◆ Problem to solve: Reply with one number: the count of lines in the data that hold the string "exact".

*** Data extracts ***

Lemma mulmx_qpencil_shift (N t : F) (x : 'cV_n) : K *m x = 0 ->
  qpencil (S + N *: K) G t *m x = qpencil S G t *m x.
Proof.
have shiftE (y : 'cV_n) : K *m y = 0 -> (S + N *: K - t%:M) *m y = (S - t%:M) *m y.
  by move=> Ky; rewrite !mulmxBl mulmxDl -scalemxAl Ky scaler0 addr0.
move=> Kx; have Kx' : K *m ((S - t%:M) *m x) = 0.
  by rewrite mulmxA mulmxBr KS0 mul_mx_scalar sub0r mulNmx -scalemxAl Kx scaler0 oppr0.
by rewrite /qpencil [LHS]mulmxBl [RHS]mulmxBl -!mulmxA (shiftE _ Kx) (shiftE _ Kx').
Qed.

Lemma ker_qpencil_shift (N t : F) (x : 'cV_n) : K *m G = 0 -> t != N ->
  qpencil (S + N *: K) G t *m x = 0 -> K *m x = 0.
Proof.
move=> KG0 tN; have KshiftE : K *m (S + N *: K - t%:M) = (N - t) *: K.
  by rewrite mulmxBr mulmxDr KS0 add0r -scalemxAr K_idem mul_mx_scalar scalerBl.
move=> /(congr1 (mulmx K)); rewrite mulmx0 /qpencil !mulmxA mulmxBr !mulmxA.
rewrite KshiftE -scalemxAl KshiftE KG0 subr0 scalerA -scalemxAl.
by move/eqP; rewrite scalemx_eq0 mulf_eq0 subr_eq0 eq_sym (negPf tN) => /eqP.
Qed.

End ShiftedPencil.

(* [Pmx C] is [1%:M - colproj C] by definition. *)
Definition colproj (F : fieldType) p q (C : 'M[F]_(p, q)) : 'M[F]_p :=
  C *m invmx (C^T *m C) *m C^T.

Lemma map_colproj (F K : fieldType) (f : {rmorphism F -> K}) p q
    (C : 'M[F]_(p, q)) :
  map_mx f (colproj C) = colproj (map_mx f C).
Proof. by rewrite /colproj !map_mxM map_invmx map_mxM map_trmx. Qed.

Lemma trmx_colproj (F : fieldType) p q (C : 'M[F]_(p, q)) :
  (colproj C)^T = colproj C.
Proof. by rewrite /colproj !trmx_mul trmxK trmx_inv trmx_mul trmxK mulmxA. Qed.

Section ColumnProjector.
Variables (F : fieldType) (p q : nat) (C : 'M[F]_(p, q)).

Lemma colproj_ker k (x : 'M_(p, k)) : C^T *m x = 0 -> colproj C *m x = 0.
Proof. by move=> Cx; rewrite -mulmxA Cx mulmx0. Qed.

Hypothesis CtC_unit : C^T *m C \in unitmx.

Lemma trmx_mul_colproj : C^T *m colproj C = C^T.
Proof. by rewrite /colproj !mulmxA mulmxV // mul1mx. Qed.

Lemma colproj_idem : colproj C *m colproj C = colproj C.
Proof. by rewrite {1}/colproj -!mulmxA trmx_mul_colproj mulmxA. Qed.

Lemma ker_colproj k (x : 'M_(p, k)) : colproj C *m x = 0 -> C^T *m x = 0.
Proof. by move=> Kx; rewrite -trmx_mul_colproj -mulmxA Kx mulmx0. Qed.

End ColumnProjector.

Section SecularEquation.
Variables (R : rcfType) (k : nat) (d w : 'I_k -> R).
Hypothesis w_ge0 : forall i, 0 <= w i.

Definition secular (t : R) : R := \sum_i w i / (d i - t) ^+ 2.

Definition left_of_poles (t : R) : Prop := forall i, w i != 0 -> t < d i.

Lemma secular_lt1_far t1 : left_of_poles t1 -> exists2 t0, t0 <= t1 & secular t0 < 1.
Proof.
move=> t1_left; set W := \sum_i w i; have W_ge0 : 0 <= W by exact: sumr_ge0.
exists (t1 - (W + 1)); first by lra.
have term_le i : w i / (d i - (t1 - (W + 1))) ^+ 2 <= w i / (W + 1).
  have [->|wi] := eqVneq (w i) 0; first by rewrite !mul0r.
  have := t1_left i wi => di_gt.
  rewrite ler_wpM2l // lef_pV2 ?posrE ?exprn_gt0 //; [rewrite expr2; nra|lra|lra].
apply: le_lt_trans (ler_sum _ (fun i _ => term_le i)) _.
by rewrite -mulr_suml -/W ltr_pdivrMr ?mul1r; lra.
Qed.

Lemma secular_ge_shift a s : 0 <= s -> left_of_poles a ->
  \sum_i w i / ((d i - a) ^+ 2 + s) <= secular a.
Proof.
move=> s_ge0 a_left; apply: ler_sum => i _.
have [->|wi] := eqVneq (w i) 0; first by rewrite !mul0r.
have sq_gt0 : 0 < (d i - a) ^+ 2 by rewrite exprn_gt0 // subr_gt0 a_left.
by rewrite ler_wpM2l // lef_pV2 ?posrE ?lerDl //; lra.
Qed.

Lemma secular_ge1_near a : (left_of_poles a -> 1 <= secular a) ->
  exists t1, [/\ t1 <= a, left_of_poles t1 & 1 <= secular t1].
Proof.
move=> a_ge1; case: (boolP [forall i, (w i != 0) ==> (a < d i)]).
  move=> /forallP a_left; exists a; split => // [i wi|].
  - by have := a_left i; rewrite wi.
  - by apply: a_ge1 => i wi; have := a_left i; rewrite wi.
rewrite negb_forall => /existsP[i1]; rewrite negb_imply -leNgt => /andP[wi1 di1].
have [im wim im_min] := @arg_minP _ _ _ i1 (fun i => w i != 0) d wi1.
have wim_gt0 : 0 < w im by rewrite lt0r wim w_ge0.
(* de ^+ 2 <= de <= w im, so the pole term of im alone reaches 1 at d im - de. *)
pose de := Num.min 1 (w im).
have de_gt0 : 0 < de by rewrite lt_min ltr01.
have de_le1 : de <= 1 by rewrite ge_min lexx.
have de_lew : de <= w im by rewrite ge_min lexx orbT.
exists (d im - de); split => [|i wi|].
- by have := im_min i1 wi1; lra.
- by have := im_min i wi; lra.
rewrite /secular (bigD1 im) //= subKr.
rewrite -[1]addr0; apply: lerD; last first.
  by apply: sumr_ge0 => i _; rewrite divr_ge0 ?sqr_ge0.
by rewrite ler_pdivlMr ?exprn_gt0 // mul1r expr2; nra.
Qed.

Lemma secular_ivt t0 t1 : t0 <= t1 -> left_of_poles t1 ->
  secular t0 <= 1 -> 1 <= secular t1 -> exists2 t, t0 <= t <= t1 & secular t = 1.
Proof.
move=> t01 t1_left sec_t0 sec_t1.
have left_le t : t <= t1 -> left_of_poles t.
  by move=> tt1 j wj; apply: le_lt_trans tt1 (t1_left j wj).
pose p := \prod_(j | w j != 0) ('X - (d j)%:P) ^+ 2.
pose q := \sum_i w i *: \prod_(j | (w j != 0) && (j != i)) ('X - (d j)%:P) ^+ 2 - p.
have p_gt0 t : left_of_poles t -> 0 < p.[t].
  move=> t_left; rewrite horner_prod; apply: prodr_gt0 => j wj.
  by rewrite horner_exp hornerXsubC exprn_even_gt0 //= subr_eq0 lt_eqF ?t_left.
have qE t : left_of_poles t -> q.[t] = p.[t] * (secular t - 1).
  move=> t_left; rewrite hornerD hornerN horner_sum mulrBr mulr1; congr (_ - _).
  rewrite /secular mulr_sumr; apply: eq_bigr => i _; rewrite hornerZ.
  have [->|wi] := eqVneq (w i) 0; first by rewrite !mul0r mulr0.
  have dit : d i - t != 0 by rewrite subr_eq0 gt_eqF ?t_left.
  rewrite !horner_prod [in RHS](bigD1 i) //= horner_exp hornerXsubC -sqrrN opprB.
  by field.
have [t /andP[t0t tt1] qt] : exists2 t, t0 <= t <= t1 & root q t.
  have t0_left := left_le t0 t01.
  apply: poly_ivt => //; apply/andP; split.
  - by rewrite qE // pmulr_rle0 ?p_gt0 // subr_le0.
  - by rewrite qE // pmulr_rge0 ?p_gt0 // subr_ge0.
exists t; first by rewrite t0t.
have t_left := left_le t tt1.
by move: qt; rewrite /root qE // mulf_eq0 gt_eqF ?p_gt0 //= subr_eq0 => /eqP.
Qed.

Lemma secular_root a : (left_of_poles a -> 1 <= secular a) ->
  exists t, [/\ t <= a, left_of_poles t & secular t = 1].
Proof.
move=> a_ge1; have [t1 [t1a t1_left sec_t1]] := secular_ge1_near a_ge1.
have [t0 t01 sec_t0] := secular_lt1_far t1_left.
have [t /andP[t0t tt1] sec_t] := secular_ivt t01 t1_left (ltW sec_t0) sec_t1.
exists t; split => [|i wi|//]; first exact: le_trans t1a.
exact: le_lt_trans tt1 (t1_left i wi).
Qed.

End SecularEquation.

Lemma qpencil_diag_mul (C : numClosedFieldType) n (e : 'rV[C]_n) (om y : 'cV[C]_n) s :
  qpencil (diag_mx e) (om *m om^t*) s *m y =
  \col_i ((e 0 i - s) ^+ 2 * y i 0 - om i 0 * (om^t* *m y) 0 0).
Proof.
rewrite /qpencil -diag_const_mx -linearB /= mulmxBl -mulmxA !mul_diag_mx.
rewrite -mulmxA [om^t* *m y]mx11_scalar mul_mx_scalar.
by apply/matrixP => i j; rewrite (ord1 j) !mxE eqxx mulr1n; ring.
Qed.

*** End of Data extracts ***

◆ Exercise response: 3